It's not often that I read a book and immediately go "I can tell you what kind of middle school this author went to." In this case, it was drawing on the author's experience of exactly the theology I grew up with, which was almost eerie.
(I read book one years and years ago, and didn't retain much other than "cool magic system." Probably everything in this post is true about book one as well, but I wouldn't know.)
Google will tell you that the series gets gradually very Christian, to the point where the climax of the last book contains a sermon. But it's more specific than that. These books scream "Protestant, American, classically educated, does not travel internationally very often, male, straight, probably white, the kind of person who would vote straight-ticket Republican until that meant Trump at which point all bets are off." I did not bother confirming most of those. They're just obvious.
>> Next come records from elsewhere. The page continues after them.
Theorem mainTheorem6 (R : realFieldType) (n1 n2 : nat)
    (e1 : rel 'I_n1) (e2 : rel 'I_n2) (u : 'I_n1) (v : 'I_n2)
    (K1 : 'cV[R]_n1) (K2 : 'cV[R]_n2) (KG : 'cV[R]_(n1 + n2)) :
  (2 <= n1)%N -> (2 <= n2)%N ->
  simple_connected e1 -> simple_connected e2 ->
  distmx R e1 \in unitmx -> distmx R e2 \in unitmx ->
  is_steinerberger_curvature (distmx R e1) K1 ->
  is_steinerberger_curvature (distmx R e2) K2 ->
  is_steinerberger_curvature (distmx R (bridge e1 e2 u v)) KG ->
  let k1 := total_curv K1 in
  let k2 := total_curv K2 in
  let Z := (2 + k1 / n1%:R) * (2 + k2 / n2%:R) in
  Z != 4 ->
  K1 u 0 != 0 -> K2 v 0 != 0 ->
  let alpha := 2 * (n1 + n2)%:R * k2 / (n1%:R * n2%:R * (Z - 4)) in
  let beta := 2 * (n1 + n2)%:R * k1 / (n1%:R * n2%:R * (Z - 4)) in
  total_curv KG = alpha / 2 * k1 + beta / 2 * k2 /\
  total_curv KG = alpha * k1 /\
  total_curv KG = beta * k2.
Proof.
move=> n1_ge2 n2_ge2 conn1 conn2 U1 U2 C1 C2 CG k1 k2 Z Z_neq4 _ _ alpha beta.
have n1_neq0 : n1%:R != 0 :> R by rewrite pnatr_eq0 -lt0n (leq_trans _ n1_ge2).
have n2_neq0 : n2%:R != 0 :> R by rewrite pnatr_eq0 -lt0n (leq_trans _ n2_ge2).
have D1K1 := steinerberger_curvature_solves C1 (unitmx_mulmx_solvable _ U1).
have D2K2 := steinerberger_curvature_solves C2 (unitmx_mulmx_solvable _ U2).
have detE : n1%:R * n2%:R * (Z - 4) = k1 * k2 + 2 * n1%:R * k2 + 2 * n2%:R * k1.
  by rewrite /Z; field; rewrite n1_neq0 n2_neq0.
have det_neq0 : k1 * k2 + 2 * n1%:R * k2 + 2 * n2%:R * k1 != 0.
  by rewrite -detE !mulf_neq0 // subr_eq0.
have DGKG := steinerberger_curvature_solves CG
  (bridge_system_solvable u v conn1 conn2 D1K1 D2K2 det_neq0).
have totalE := total_curv_bridge_solution conn1 conn2 D1K1 D2K2 DGKG.
have KG_E : total_curv KG = 2 * (n1 + n2)%:R * k1 * k2 /
    (k1 * k2 + 2 * n1%:R * k2 + 2 * n2%:R * k1).
  by apply: (canRL (mulfK det_neq0)).
rewrite /alpha /beta detE KG_E.
by split; [|split]; field.
Qed.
The loudest part--to me at least--was the "classically educated." (If you're not familiar, it's this thing.) The series would mention quotes from fantasy medieval Catholics or fantasy ancient Greeks or whatever, and I'd recognize the quotes or the names because they'd be real people I ran across in school. Sure enough, author went to Hillsdale.
Lightbringer is interesting for having an actual vision of a conservative society, not just about hating the right/wrong people. Not being on that team anymore I don't actually like this vision very much, but compared to current conservatives, credit for having one at all.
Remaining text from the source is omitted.